Effect of Initial Static Bed Height and Liquid Superficial Velocity on the Minimum Fluidization Velocity (Umf) and Pressure Drop for the Bed of Semolina Particles in Liquid-Solid Fluidization

Abstract

The successful and economical design, scale up and operation of a fluidized bed reactor depends upon the true prediction of its bed hydrodynamics. The present research has been carried out to study the hydrodynamics behavior of bed of semolina particles in liquid solid fluidization. The prime objective of this research work is to study the effect of liquid superficial velocity and variation in static bed height on the minimum fluidization velocity and pressure drop. Liquid-solid fluidization is characterized by the uniform expansion of bed particles; therefore, it is known as particulate fluidization. In liquid, solid fluidization, there is no bubbling phase, that is the main cause of uniform bed expansion. Liquid-solid fluidization has extensive field of applications, i.e., in hydrometallurgy, waste water treatment, biochemical processing and food technology. Minimum fluidization velocity and pressure drop are important hydrodynamic parameters in the design and scale up of fluidized bed reactors.
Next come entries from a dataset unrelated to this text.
(* Let $\mathcal V\subset\mathbb Q$ satisfy Hypothesis (H) and let $\mathcal R\subset\mathbb Q$ satisfy property $\star_{\mathcal V}$. Then the $\mathbf K$-linear map $\mathscr H\to\mathscr H_{|\mathcal R}$, $f=\sum_\gamma f_\gamma z^\gamma\mapsto f_{|\mathcal R}=\sum_{\gamma\in\mathcal R}f_\gamma z^\gamma$, restricts to a $\mathbf K$-linear isomorphism from $\operatorname{Sol}(L,\mathscr H)=\{f\in\mathscr H: L(f)=0\}$ onto $\mathcal C_{\mathcal R}=\{f\in\mathscr H_{|\mathcal R}:\operatorname{supp} L(f)\cap\psi(\mathcal R)=\emptyset\}=\{f\in\mathscr H_{|\mathcal R}:\pi(\operatorname{supp} L(f))\cap\mathcal R=\emptyset\}$.
   Context: Let $\mathbf K$ be a field and $\ell\geq 2$ an integer. Let $\mathscr H$ be the field of Hahn series $f=\sum_{\gamma\in\mathbb Q}f_\gamma z^\gamma$ with coefficients in $\mathbf K$ and well-ordered support $\operatorname{supp} f=\{\gamma: f_\gamma\neq 0\}$; for $Q\subset\mathbb Q$, $\mathscr H_{|Q}=\{f\in\mathscr H:\operatorname{supp} f\subset Q\}$. Let $\phi_\ell$ be the automorphism $f(z)\mapsto f(z^\ell)$. Let $L=a_n\phi_\ell^n+\dots+a_0$ with $n\geq1$, $a_i\in\mathbf K[z]$, $a_0a_n\neq0$, acting by $L(f)=\sum_i a_i f(z^{\ell^i})$. Let $\mathcal P(L)=\{(\ell^i,j): 0\le i\le n,\ j\in\operatorname{supp} a_i\}$. The Newton polygon of $L$ is the convex hull of $\{(\ell^i,j): 0\le i\le n,\ j\geq\operatorname{val} a_i\}\subset\mathbb R^2$; the slopes of its non-vertical edges form $\mathcal S(L)$. Define $\Psi(v)=\{v\ell^i+j:(\ell^i,j)\in\mathcal P(L)\}$, $\psi(v)=\min\Psi(v)$, $\pi(q)=\max\{(q-j)/\ell^i:(\ell^i,j)\in\mathcal P(L)\}$; images of sets are taken elementwise. Hypothesis (H) on $\mathcal V\subset\mathbb Q$: (1) every $f\in\mathscr H$ with $L(f)=0$ satisfies $\operatorname{supp} f\subset\mathcal V$; (2) $\mathcal V$ is well-ordered; (3) $-\mathcal S(L)\subset\mathcal V$; (4) $\bigcup_{v\in\mathcal V}\pi(\Psi(v))=\mathcal V$. A set $\mathcal R\subset\mathbb Q$ satisfies $\star_{\mathcal V}$ if (a) $-\mathcal S(L)\subset\mathcal R\subset\mathcal V$ and (b) $\bigcup_{v\in\mathcal V\setminus\mathcal R}\pi(\Psi(v))=\mathcal V\setminus\mathcal R$. *)

(* Hahn series over Q with coefficients in a field K are
   represented by their coefficient functions rat -> K with well-ordered
   support; subsets of Q are predicates rat -> Prop. *)
From HB Require Import structures.
From mathcomp Require Import all_boot all_order all_algebra.
From Stdlib Require Import ClassicalEpsilon.
Set Implicit Arguments. Unset Strict Implicit. Unset Printing Implicit Defensive.
Import Order.TTheory GRing.Theory Num.Theory.
Local Open Scope ring_scope.

Definition well_ordered (A : rat -> Prop) : Prop :=
  forall B : rat -> Prop, (forall q, B q -> A q) -> (exists q, B q) ->
  exists m, B m /\ forall q, B q -> m <= q.

Section Defs.
Variable K : fieldType.

Definition supp (f : rat -> K) : rat -> Prop := fun q => f q != 0.

Definition hahn (f : rat -> K) : Prop := well_ordered (supp f).

Definition hahn_on (Q : rat -> Prop) (f : rat -> K) : Prop :=
  hahn f /\ forall q, supp f q -> Q q.

Definition restr (R : rat -> Prop) (f : rat -> K) : rat -> K :=
  fun q => if excluded_middle_informative (R q) then f q else 0.

Definition pval (p : {poly K}) : nat := find (fun c => c != 0) p.

Variables (l n : nat) (a : nat -> {poly K}).

(* L(f) = sum_{i<=n} a_i(z) f(z^(l^i)); coefficient of z^q *)
Definition Lop (f : rat -> K) : rat -> K :=
  fun q => \sum_(i < n.+1) \sum_(j < size (a i))
             (a i)`_j * f ((q - j%:R) / (l%:R ^+ i)).

(* P(L) = {(l^i, j) : 0 <= i <= n, j in supp a_i}, encoded by pairs (i, j) *)
Definition PL : seq (nat * nat) :=
  [seq (i, j) | i <- iota 0 n.+1,
                j <- [seq j <- iota 0 (size (a i)) | (a i)`_j != 0]].

Definition Psi (v : rat) : seq rat :=
  [seq v * l%:R ^+ p.1 + p.2%:R | p <- PL].

Definition seqmin (s : seq rat) : rat := \big[Order.min/head 0 s]_(x <- s) x.
Definition seqmax (s : seq rat) : rat := \big[Order.max/head 0 s]_(x <- s) x.

Definition psi (v : rat) : rat := seqmin (Psi v).

Definition pi (q : rat) : rat :=
  seqmax [seq (q - p.2%:R) / l%:R ^+ p.1 | p <- PL].

(* S(L): slopes of the non-vertical edges of the Newton polygon, i.e. of the
   convex hull of {(l^i, j) : j >= val a_i}.  A non-vertical edge is a segment
   of the lower boundary joining two vertices (l^i, val a_i), (l^k, val a_k),
   i < k, whose line supports all the points. *)
Definition slope (s : rat) : Prop :=
  exists i k, [/\ (i < k <= n)%N, a i != 0, a k != 0,
    s = ((pval (a k))%:R - (pval (a i))%:R) / (l%:R ^+ k - l%:R ^+ i) &
    forall m, (m <= n)%N -> a m != 0 ->
      (pval (a i))%:R - s * l%:R ^+ i <= (pval (a m))%:R - s * l%:R ^+ m].

Definition Sol (f : rat -> K) : Prop := hahn f /\ forall q, Lop f q = 0.

Definition hypH (V : rat -> Prop) : Prop :=
  [/\ (forall f, Sol f -> forall q, supp f q -> V q),
      well_ordered V,
      (forall s, slope s -> V (- s)) &
      (forall q, (exists v, V v /\ exists2 w, w \in Psi v & q = pi w) <-> V q)].

Definition starV (V R : rat -> Prop) : Prop :=
  [/\ (forall s, slope s -> R (- s)),
      (forall q, R q -> V q) &
      (forall q, (exists v, (V v /\ ~ R v) /\ exists2 w, w \in Psi v & q = pi w)
                 <-> (V q /\ ~ R q))].

Definition CR (R : rat -> Prop) (f : rat -> K) : Prop :=
  hahn_on R f /\ forall v, R v -> ~ supp (Lop f) (psi v).

Definition CR' (R : rat -> Prop) (f : rat -> K) : Prop :=
  hahn_on R f /\ forall q, supp (Lop f) q -> ~ R (pi q).

End Defs.

(* The maps pi and psi are mutually inverse increasing bijections of Q, and the
   coefficient L(f)_{psi v} only involves the f_u with u <= v.  In it, f_v is
   multiplied by the sum of the a_{i,j} over the points (l^i, j) of P(L) where
   v l^i + j attains psi v; two such points span an edge of the Newton polygon
   of slope -v, so for v outside R this sum has a single nonzero term.  Hence
   for v in V \ R the equation L(f)_{psi v} = 0 determines f_v from the f_u,
   u < v: comparing two solutions at the least point of their difference gives
   injectivity, and well-founded recursion on V builds a solution from any
   g in C_R.  Property (b) of star_V says that the equations indexed by psi(R)
   do not see the coefficients of a solution outside R. *)

From Pilot Require Import Defs.
From mathcomp Require Import all_boot all_order all_algebra.
From Stdlib Require Import ClassicalEpsilon Classical FunctionalExtensionality.
From mathcomp Require Import ring.
Import Order.TTheory GRing.Theory Num.Theory.
Local Open Scope ring_scope.

Lemma seqmin_le (s : seq rat) x : x \in s -> seqmin s <= x.
Proof. by move=> xs; rewrite /seqmin ge_bigmin_seq. Qed.

Lemma le_seqmax (s : seq rat) x : x \in s -> x <= seqmax s.
Proof. by move=> xs; rewrite /seqmax le_bigmax_seq. Qed.

Lemma seqmin_mem (s : seq rat) : s != [::] -> seqmin s \in s.
Proof.
case: s => // x s _; rewrite /seqmin big_seq.
apply: (big_ind (fun m => m \in x :: s)); rewrite ?mem_head // => y z.
by rewrite /Order.min; case: ifP.
Qed.

Lemma seqmax_mem (s : seq rat) : s != [::] -> seqmax s \in s.
Proof.
case: s => // x s _; rewrite /seqmax big_seq.
apply: (big_ind (fun m => m \in x :: s)); rewrite ?mem_head // => y z.
by rewrite /Order.max; case: ifP.
Qed.

Lemma sub_well_ordered (A B : rat -> Prop) :
  well_ordered A -> (forall q, B q -> A q) -> well_ordered B.
Proof. by move=> woA BA C CB; apply: woA => q /CB /BA. Qed.

Lemma well_ordered_wf {V : rat -> Prop} :
  well_ordered V -> well_founded (fun u v => V u /\ u < v).
Proof.
move=> woV.
have accV v : V v -> Acc (fun u v => V u /\ u < v) v.
  move=> Vv; apply: NNPP => nacc.
  have [m [[Vm naccm] minm]] :=
    woV (fun v => V v /\ ~ Acc _ v) (fun _ => @proj1 _ _) (ex_intro _ v (conj Vv nacc)).
  apply: naccm; constructor => u [Vu ltum]; apply: NNPP => naccu.
  by have := minm u (conj Vu naccu); rewrite leNgt ltum.
by move=> v; constructor => u [Vu _]; apply: accV.
Qed.

Lemma wf_fixpoint {T U : Type} {r : T -> T -> Prop} (u0 : U) (F : (T -> U) -> T -> U) :
  well_founded r ->
  (forall h1 h2 x, (forall y, r y x -> h1 y = h2 y) -> F h1 x = F h2 x) ->
  exists f, forall x, f x = F f x.
Proof.
move=> wf_r F_local.
pose G x (rec : forall y, r y x -> U) :=
  F (fun y => if excluded_middle_informative (r y x) is left ryx then rec y ryx else u0) x.
exists (Fix wf_r (fun _ => U) G) => x.
rewrite (Fix_eq wf_r (fun _ => U) G); last first.
  move=> y f1 f2 E; apply: F_local => z rzy.
  by case: excluded_middle_informative.
apply: F_local => y ryx.
by case: excluded_middle_informative.
Qed.

Section Restriction.
Variables (K : fieldType) (R : rat -> Prop) (f : rat -> K).
Lemma card_total_set : #|total_set| + 3 <= (2 * b).+1 * (2 * a + 2).
Proof.
rewrite card_column_set (_ : 4 * b + 1 = (2 * (2 * b)).+1); last by lia.
apply: (leq_sum_even_weights (d0 := 1) (dk := 2)); first by lia.
- by have := total_column_count 0; lia.
- by have := total_column_count (2 * (2 * b)); lia.
- by move=> j _; apply: leq_trans (total_column_count j); apply: leq_addr.
Qed.

End Torus.

Theorem corollary5p1 (n m : nat) :
  5 <= n -> 5 <= m -> m %% 4 = 1 -> n %% 4 = 2 ->
  gamma_t (@torus_adj n m) <= (n + 2) * (m + 1) %/ 4 - 3 /\
  gamma_p (@torus_adj n m) <= (n + 2) * (m + 1) %/ 4 - 2.
Proof.
move=> n_ge5 m_ge5 m_mod4 n_mod4.
have [a a_gt0 ->] : exists2 a, 0 < a & n = 4 * a + 2 by exists (n %/ 4); lia.
have [b b_gt0 ->] : exists2 b, 0 < b & m = 4 * b + 1 by exists (m %/ 4); lia.
have -> : (4 * a + 2 + 2) * (4 * b + 1 + 1) %/ 4 = (2 * b).+1 * (2 * a + 2).
  by rewrite (_ : (4 * a + 2 + 2) * _ = (2 * b).+1 * (2 * a + 2) * 4) ?mulnK //; nia.
split.
- apply: leq_trans (min_card_le (total_set_total_dominating a_gt0 b_gt0)) _.
  by have := card_total_set a_gt0 b_gt0; lia.
- apply: leq_trans (min_card_le (paired_set_paired_dominating a_gt0 b_gt0)) _.
  by have := card_paired_set a_gt0 b_gt0; lia.
Qed.
(* Let $\{n_k\}_{k\ge1}\subset\mathbb{Z}^+$ and $\{c_k\}_{k\ge1}\subset\mathbb{R}^+$ satisfy $n_k\ge 2$ and $n_kc_k<1$ for all $k\ge1$, let $I\subset\mathbb{R}$ be a nonempty closed interval, and let $E\in\mathcal{M}(I,\{n_k\},\{c_k\})$ be a homogeneous Moran set. If $\sup_{k\ge1}n_k<+\infty$, then $$\dim_L E\le\liminf_{l\to+\infty}\ \inf_{k\ge1}\ \frac{\log (n_{k+1}\cdots n_{k+l})}{-\log (c_{k+1}\cdots c_{k+l})}.$$
   Context: Words: $\Omega_0=\{\emptyset\}$, $\Omega_k=\{\sigma_1\cdots\sigma_k:1\le\sigma_j\le n_j\}$, $\Omega=\bigcup_{k\ge0}\Omega_k$; for $\sigma\in\Omega_{k-1}$ and $1\le i\le n_k$, $\sigma*i\in\Omega_k$ denotes concatenation. A collection $\{I_\sigma:\sigma\in\Omega\}$ of closed intervals is a homogeneous Moran structure if $I_\emptyset=I$; for each $k\ge1$ and $\sigma\in\Omega_{k-1}$, the intervals $I_{\sigma*1},\dots,I_{\sigma*n_k}$ are contained in $I_\sigma$ and have pairwise disjoint interiors; and $|I_{\sigma*i}|/|I_\sigma|=c_k$ for all such $\sigma,i$ ($|\cdot|$ = diameter). The set $E=\bigcap_{k\ge1}\bigcup_{\sigma\in\Omega_k}I_\sigma$ is a homogeneous Moran set, and $\mathcal{M}(I,\{n_k\},\{c_k\})$ is the class of all such sets. For $F\subset\mathbb{R}$, $N_r(A)$ is the smallest number of balls of radius $r$ covering $A$, and the lower dimension is $\dim_L F=\sup\{s\ge0:\exists\, b,c>0\ \forall\, 0<r<R<b,\ \forall x\in F,\ N_r(B(x,R)\cap F)\ge c(R/r)^s\}$. *)

From HB Require Import structures.
From mathcomp Require Import all_boot all_order all_algebra.
From mathcomp Require Import all_classical all_reals all_analysis.
Set Implicit Arguments. Unset Strict Implicit. Unset Printing Implicit Defensive.
Import Order.TTheory GRing.Theory Num.Theory.
Import numFieldNormedType.Exports.
Local Open Scope classical_set_scope.
Local Open Scope ring_scope.

(* Words of length k: sigma_1 ... sigma_k with 1 <= sigma_j <= n_j,
   represented as a seq nat (entry j-1 of the list is sigma_j). *)
Definition word (n : nat -> nat) (k : nat) (s : seq nat) : Prop :=
  size s = k /\ forall j : nat, (j < k)%N -> (1 <= nth 0%N s j <= n j.+1)%N.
The experimental work was carried out in a column made up of acrylic having 60 mm outer diameter and 2 mm wall thickness and was 1000 mm long. Manometers were used to observe the pressure drop variations across the bed. The minimum fluidization velocity was found to be 0.404 mm/sec. It has been found that the minimum fluidization velocity is not affected by the variations in the initial static bed height. Semolina particles being sticky solids offer slightly greater pressure drop. Pressure drop becomes constant when fluidization is achieved.